I felt like a total badass.

I also felt a bit like Mary Poppins. I was slightly hoping that Dick Van Dyke’s chimney sweep character would come and latch onto my arm. With twinkling eyes, he would ask me to clean his chimney stack, ah… to have tea with him and penguins and we would float up into the dewy skies. Sadly white corsets don’t fit in with my preconceived notions of svelte kick-assery, but flying definitely does.


5 Responses to Call me…Umbrella Woman.

  1. eatsbugs says:

    Gotta love a fately well-choreographed umbrella moment. Next thing you need is two blondish children to follow you around and demand that you play a game with them. But perhaps you should get married first.

  2. E says:

    Badass + Mary Poppins = This?

  3. firewings says:

    Oh God. *clasps hands over eyes* I remember that one… I saw that in theaters even.

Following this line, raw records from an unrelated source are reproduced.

Theorem mainTheorem14 (n k : nat) (vbar : R) (F f : R -> R) :
  (2 <= k)%nat -> (k < n)%nat -> 0 < vbar ->
  (forall u, 0 <= u <= vbar -> 0 < f u) ->
  (forall u, 0 <= u <= vbar ->
     filterlim f (within (fun t => 0 <= t <= vbar) (locally u)) (locally (f u))) ->
  (forall u, 0 <= u <= vbar -> F u = RInt f 0 u) ->
  F vbar = 1 ->
  (forall u, u < 0 -> F u = 0) ->
  (forall u, vbar < u -> F u = 1) ->
  filterlim (psi n k F f vbar) (at_right 0) (locally 0).
Proof.
  (* The values of F at vbar and outside [0, vbar] play no role: the limit is local at 0. *)
  intros Hk Hkn Hvbar Hf_pos Hf_cont HF _ _ _.
  assert (Hf0 : 0 < f 0) by (apply Hf_pos; lra).
  destruct (density_comparable_near_0 f vbar Hvbar Hf0 (Hf_cont 0 ltac:(lra)))
    as (del & Hdel & Hdel_small & Hf_near0).
  destruct (Nfun_near0_bound n k vbar F f ltac:(lia) Hkn Hvbar Hf_cont HF (f 0) del
              Hf0 Hdel Hdel_small Hf_near0) as [C HN].
  apply (ratio_tendsto_0_at_right _ _ del
           (Binomial.C (n - 1) (k - 1) * (f 0 / 2) ^ (n - k) * (/ 2) ^ k) C (n - k) (proj1 Hdel));
    [| exact HN |].
  - pose proof (C_pos (n - 1) (k - 1)).
    pose proof (pow_lt (f 0 / 2) (n - k) ltac:(lra)); pose proof (pow_lt (/ 2) k ltac:(lra)).
    apply Rmult_lt_0_compat; [apply Rmult_lt_0_compat|]; assumption.
  - exact (Dfun_near0_lower_bound n k vbar F f Hvbar Hf_cont HF (f 0) del
             Hf0 Hdel Hdel_small Hf_near0).
Qed.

    But you do have to take in account how old I was at the time.

  4. The Rebuker says:

    White corsets, not bad-ass. But black pleather corsets (á la The Matrix or Underworld), those are de rigeur for the ass-kickin’ modern woman.
    This is slightly off-topic, but do you think Mary Poppins is kind of hot?

  5. firewings says:

    Julie Andrews is gorgeous, and has this depth grace that I can’t even hope to attain, but in Mary Poppins she seems too stern, too dominatrix-y. Not my “thing” in a woman, to be clear. (If I have specific “things” in woman. No, D, I’m am not closeted.)